VP of Engineering, Core Systems, Fastly

Hossein Lotfi

SVP of Engineering, Fastly

November 07, 2023

Industry insights Company news Platform Engineering

Fastly’s resilient architecture principles prevent outages, mitigate severity, and deliver on our availability promises without compromising performance. We systematically eliminate “single point of failure” risks and always, ALWAYS prioritize distributed and resilient solutions that are built to scale.

We did not expect the reliability and distributed architecture of our control plane to be the key differentiating feature that everyone wanted to hear about this week, but here we are. No cloud vendor is immune to outages, but Fastly continuously and proactively acts to address this risk by building extra resilience and redundancy into our network, control plane, and data plane. This work is designed to protect us against catastrophic failures by preventing them from occurring, and mitigating the severity of their impact if they do occur.

In the spirit of #hugops, we have a lot of empathy for our colleagues in the industry who have experienced outages recently. It’s all of our worst nightmares. We decided to write about our approach to resilience today because it’s a question we’ve been asked numerous times by customers in the last week or so.

Now, let’s get into the decisions we’ve made, and the work we started several years ago to make Fastly more resilient. We’re talking about resilience against everything, from black swan events (like the complete loss of a datacenter), to more common scenarios like internet outages or sophisticated DDoS attacks. This means building resilience into the control and data planes, but also into Fastly’s overall network, traffic handling, and more. By the end of this post you’ll understand why resilience is Fastly’s middle name. And why redundancy is our first name… and why redundancy is also our last name too.

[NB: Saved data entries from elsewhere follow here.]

(* Let $R=\bigoplus_{s\in S}R_s$ be an $S$-graded ring inducing $S$ which is nearly epsilon-strongly graded. Then the following are equivalent: (i) $R$ is graded von Neumann regular; (ii) every principal right homogeneous ideal of $R$ is generated by a homogeneous idempotent element (and likewise for left ideals); (iii) every right ideal $I$ of $R$ generated by finitely many homogeneous elements $x_1,\dots,x_n$ such that $\deg(x_i)(\deg(x_i))^{-1}=e$ for all $i$, for some nonzero idempotent $e\in S$, is generated by a homogeneous idempotent element (and likewise for left ideals).
   Context: Rings are associative, not necessarily unital. $S$-graded ring inducing $S$: $S$ a partial groupoid, $R=\bigoplus_{s\in S}R_s$, $R_sR_t\subseteq R_{st}$ when $st$ defined, $R_sR_t\ne0$ implies $st$ defined. Convention: $0\in S$, $R_0=0$, $S\setminus\{0\}=\{s:R_s\ne0\}$, undefined products set to $0$, $0$ absorbing. $H_R=\bigcup_sR_s$; for nonzero $x\in H_R$, $\deg(x)$ is the unique $s$ with $x\in R_s$. A one-sided ideal $J$ is homogeneous if $J=\bigoplus_s(J\cap R_s)$. $S$ cancellative: $0\ne su=tu$ or $0\ne us=ut$ implies $s=t$. $I(S)$: idempotents of $S$. (LRI): for every $s\in S$ there exist $s^{-1}\in S$, $e,f\in I(S)$ with $es=sf=s$, $fs^{-1}=s^{-1}e=s^{-1}$, $ss^{-1}=e$, $s^{-1}s=f$. $R_sR_t$ denotes the additive subgroup generated by products. $R$ is nearly epsilon-strongly graded if $S$ is cancellative and satisfies (LRI), and for every $s$ and $x\in R_s$ there are $\epsilon(x)\in R_sR_{s^{-1}}$, $\epsilon'(x)\in R_{s^{-1}}R_s$ with $\epsilon(x)x=x=x\epsilon'(x)$. $R$ is graded von Neumann regular if $x\in xRx$ for all $x\in H_R$. *)

From mathcomp Require Import all_boot all_algebra.
Set Implicit Arguments. Unset Strict Implicit. Unset Printing Implicit Defensive.
Import GRing.Theory.
Local Open Scope ring_scope.

Definition nu_ring (R : zmodType) (mul : R -> R -> R) : Prop :=
  (forall x y w, mul x (mul y w) = mul (mul x y) w) /\
  (forall x y w, mul (x + y) w = mul x w + mul y w) /\
  (forall x y w, mul x (y + w) = mul x y + mul x w).

(* Partial groupoid with the convention: distinguished element z plays the
   role of 0 (undefined products are set to z), z absorbing. *)
Definition pgroupoid (S : eqType) (op : S -> S -> S) (z : S) : Prop :=
  forall s, op z s = z /\ op s z = z.

(* R = (+)_{s in S} R_s, S-graded ring inducing S; G s is R_s. *)
Definition graded_inducing (S : eqType) (op : S -> S -> S) (z : S)
  (R : zmodType) (mul : R -> R -> R) (G : S -> R -> Prop) : Prop :=
  pgroupoid op z /\ nu_ring mul /\
  (forall s, G s 0 /\ forall x y, G s x -> G s y -> G s (x - y)) /\
  (forall x, G z x -> x = 0) /\
  (forall s, s <> z -> exists x, G s x /\ x <> 0) /\
  (forall s t x y, G s x -> G t y -> G (op s t) (mul x y)) /\
  (forall s t x y, G s x -> G t y -> mul x y <> 0 -> op s t <> z) /\
  (forall x, exists (sq : seq S) (f : S -> R),
      uniq sq /\ (forall s, s \in sq -> G s (f s)) /\ x = \sum_(s <- sq) f s) /\
  (forall (sq : seq S) (f : S -> R), uniq sq ->
      (forall s, s \in sq -> G s (f s)) -> \sum_(s <- sq) f s = 0 ->
      forall s, s \in sq -> f s = 0).

Definition cancellative (S : eqType) (op : S -> S -> S) (z : S) : Prop :=
  (forall s t u, op s u <> z -> op s u = op t u -> s = t) /\
  (forall s t u, op u s <> z -> op u s = op u t -> s = t).

Definition idem (S : eqType) (op : S -> S -> S) (e : S) : Prop := op e e = e.

Definition lri_inv (S : eqType) (op : S -> S -> S) (s t : S) : Prop :=
  exists e f, idem op e /\ idem op f /\ op e s = s /\ op s f = s /\
    op f t = t /\ op t e = t /\ op s t = e /\ op t s = f.

Definition LRI (S : eqType) (op : S -> S -> S) : Prop :=
  forall s, exists t, lri_inv op s t.

(* y belongs to R_s R_t (additive subgroup generated by products) *)
Definition prodset (S : eqType) (R : zmodType) (mul : R -> R -> R)
  (G : S -> R -> Prop) (s t : S) (y : R) : Prop :=
  exists n (a b : 'I_n -> R), (forall i, G s (a i) /\ G t (b i)) /\
    y = \sum_(i < n) mul (a i) (b i).

Definition nearly_eps_strong (S : eqType) (op : S -> S -> S) (z : S)
  (R : zmodType) (mul : R -> R -> R) (G : S -> R -> Prop) : Prop :=
  cancellative op z /\ LRI op /\
  forall s t, lri_inv op s t -> forall x, G s x ->
    exists ex ex', prodset mul G s t ex /\ prodset mul G t s ex' /\
      mul ex x = x /\ mul x ex' = x.

Definition homogeneous (S : eqType) (R : zmodType) (G : S -> R -> Prop) (x : R)
  : Prop := exists s, G s x.

Definition graded_vnr (S : eqType) (R : zmodType) (mul : R -> R -> R)
  (G : S -> R -> Prop) : Prop :=
  forall x, homogeneous G x -> exists r, x = mul (mul x r) x.

Definition right_ideal (R : zmodType) (mul : R -> R -> R) (J : R -> Prop) : Prop :=
  J 0 /\ (forall x y, J x -> J y -> J (x - y)) /\ (forall x r, J x -> J (mul x r)).
Definition left_ideal (R : zmodType) (mul : R -> R -> R) (J : R -> Prop) : Prop :=
  J 0 /\ (forall x y, J x -> J y -> J (x - y)) /\ (forall x r, J x -> J (mul r x)).

Definition right_ideal_gen (R : zmodType) (mul : R -> R -> R) (X : R -> Prop)
  (y : R) : Prop :=
  forall J, right_ideal mul J -> (forall x, X x -> J x) -> J y.
Definition left_ideal_gen (R : zmodType) (mul : R -> R -> R) (X : R -> Prop)
  (y : R) : Prop :=
  forall J, left_ideal mul J -> (forall x, X x -> J x) -> J y.

Definition same_set (R : Type) (I J : R -> Prop) : Prop := forall y, I y <-> J y.

Definition right_gen_hom_idem (S : eqType) (R : zmodType) (mul : R -> R -> R)
  (G : S -> R -> Prop) (X : R -> Prop) : Prop :=
  exists u, homogeneous G u /\ mul u u = u /\
    same_set (right_ideal_gen mul X) (right_ideal_gen mul (fun v => v = u)).
Definition left_gen_hom_idem (S : eqType) (R : zmodType) (mul : R -> R -> R)
  (G : S -> R -> Prop) (X : R -> Prop) : Prop :=
  exists u, homogeneous G u /\ mul u u = u /\
    same_set (left_ideal_gen mul X) (left_ideal_gen mul (fun v => v = u)).

From mathcomp Require Import all_boot all_algebra.
Import GRing.Theory.
Local Open Scope ring_scope.
Set Implicit Arguments. Unset Strict Implicit.

(* If u in R_e is an idempotent generating x_1 R + ... + x_k R
   and x has degree d with d d^-1 = e, then y = x - u x is homogeneous of
   degree d; regularity y = y r y can be arranged with r in R_(d^-1), because
   comparing homogeneous components of y r y only the component r_t with
   d t d = d survives and cancellativity forces t = d^-1.  Then w = y r is an
   idempotent of degree e and u + (w - w u) is an idempotent of degree e
   generating u R + x R.  Conversely, if x R = u R with u idempotent, then
   u = x b and x = u x, so x = x b x; the nearly epsilon-strong hypothesis is
   what puts x in x R.  Left ideals are right ideals of the opposite ring,
   graded by the opposite groupoid. *)

Section NonUnitalRing.
Variables (R : zmodType) (mul : R -> R -> R).
Hypothesis ring_mul : nu_ring mul.

Lemma nu_mulA x y w : mul x (mul y w) = mul (mul x y) w.
Proof. by case: ring_mul. Qed.

Lemma nu_mulDl x y w : mul (x + y) w = mul x w + mul y w.
Proof. by case: ring_mul => _ []. Qed.

Lemma nu_mulDr x y w : mul x (y + w) = mul x y + mul x w.
Proof. by case: ring_mul => _ []. Qed.

Lemma nu_mulBl x y w : mul (x - y) w = mul x w - mul y w.
Proof. by apply: (addIr (mul y w)); rewrite -nu_mulDl !subrK. Qed.

Lemma nu_mulBr x y w : mul w (x - y) = mul w x - mul w y.
Proof. by apply: (addIr (mul w y)); rewrite -nu_mulDr !subrK. Qed.

Lemma nu_mul0l w : mul 0 w = 0.
Proof. by have := nu_mulBl 0 0 w; rewrite subr0 subrr. Qed.

Lemma nu_mul0r w : mul w 0 = 0.
Proof. by have := nu_mulBr 0 0 w; rewrite subr0 subrr. Qed.

Lemma nu_mul_suml x (I : Type) (l : seq I) (P : pred I) (F : I -> R) :
  mul (\sum_(i <- l | P i) F i) x = \sum_(i <- l | P i) mul (F i) x.
Proof. exact: (big_morph (mul^~ x) (fun a b => nu_mulDl a b x) (nu_mul0l x)). Qed.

Distributed solutions reduce single points of failure

Two of the most important principles we apply throughout the Fastly platform are to build systems that are distributed and to remove single points of failure.

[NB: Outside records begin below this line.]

Lemma on_face_flat_min_up : eta = L%:R -> S L -> on_face (flat T Cu (t - L) t).
Proof.
move=> etaL SL; split; first by apply: inP_flat => //; right; left; lia.
rewrite /flat xc_mkpt ?star_rhs_interval ?(@S_out (t - t)%N) //; try lia.
by rewrite (_ : t - (t - L) = L)%N ?SL ?etaL /ind; [decide_ifs; ring | lia].
Qed.

Hypothesis eta_cases : eta = 0 \/ (eta = L%:R /\ S L).

Definition star_face_pts : seq 'rV[R]_(T + T) :=
  full_on T Cb :: [seq dip T Cb V j | j <- iota 1 T & j != t]
  ++ [seq flat T Cu 1 k | k <- iota 1 t.-1 & ~~ S (t - k)]
  ++ [seq startup T Cb V Vb k | k <- iota 1 t.-1 & S (t - k)]
  ++ [seq flat T Cu k T.+1 | k <- iota t.+1 (T - t)]
  ++ [:: if eta == 0 then startup T Cb V Vb t else flat T Cu (t - L) t].

Lemma star_face_pts_on_face q : q \in 0 :: star_face_pts -> on_face q.
Proof.
rewrite !inE !mem_cat.
case/or4P => [/eqP-> | /eqP-> | | /orP[]].
- rewrite -(flat_nil T Cu T.+1); apply: on_face_flat_late; lia.
- exact: on_face_full_on.
- by case/mapP => j; rewrite mem_filter => /andP[jt _] ->; exact: on_face_dip.
- by case/mapP => k; rewrite mem_filter mem_iota => /andP[Sk k_in] ->;
    apply: on_face_flat_early; lia.
case/orP => [|/orP[]].
- by case/mapP => k; rewrite mem_filter mem_iota => /andP[Sk k_in] ->;
    apply: on_face_startup; [lia | left].
- by case/mapP => k; rewrite mem_iota => k_in ->; apply: on_face_flat_late; lia.
rewrite inE => /eqP ->; case: eqP => [eta0 | eta_n0].
  by apply: on_face_startup; [lia | right].
by case: eta_cases => [// | [etaL SL]]; exact: on_face_flat_min_up.
Qed.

About three years ago Fastly began a formal process to continuously assess and strengthen our architecture that was led by an internal cross-functional team called the Fastly Reliability Task Force (RTF). The RTF meets on a regular basis to triage, evaluate, discuss, and prioritize the mitigation of existential risks to the platform. This forum has been hugely instrumental in driving major improvements, while constantly planning what to tackle next. Part of the impetus for launching the task force was that we recognized that Fastly could have been (in the past) unprepared to handle a data center power outage. In order to address the risks we identified, we started a (truly) massive company-wide initiative that we lovingly codenamed “Cloudvolution” for two reasons. First, we wanted to apply an evolutionary, transformative leap to the way we run our entire platform and achieve a more resilient, multi-cloud, multi-region architecture. And second, because we did not think we would ever be saying that name publicly and sometimes we like silly names. Not everything needs to be an acronym.

Control and data plane resilience

“Cloudvolution” was intended to strengthen both our control plane and our data plane, and bring high availability to core platform services for additional platform resilience. A key goal was to iteratively evolve system design abstractions to improve resilience, have clearer service boundaries, and set ourselves up for easy scaling to the next stage of customer growth (and beyond). Basically, we wanted fewer dependencies, less risk, fewer points of failure, and more resilience.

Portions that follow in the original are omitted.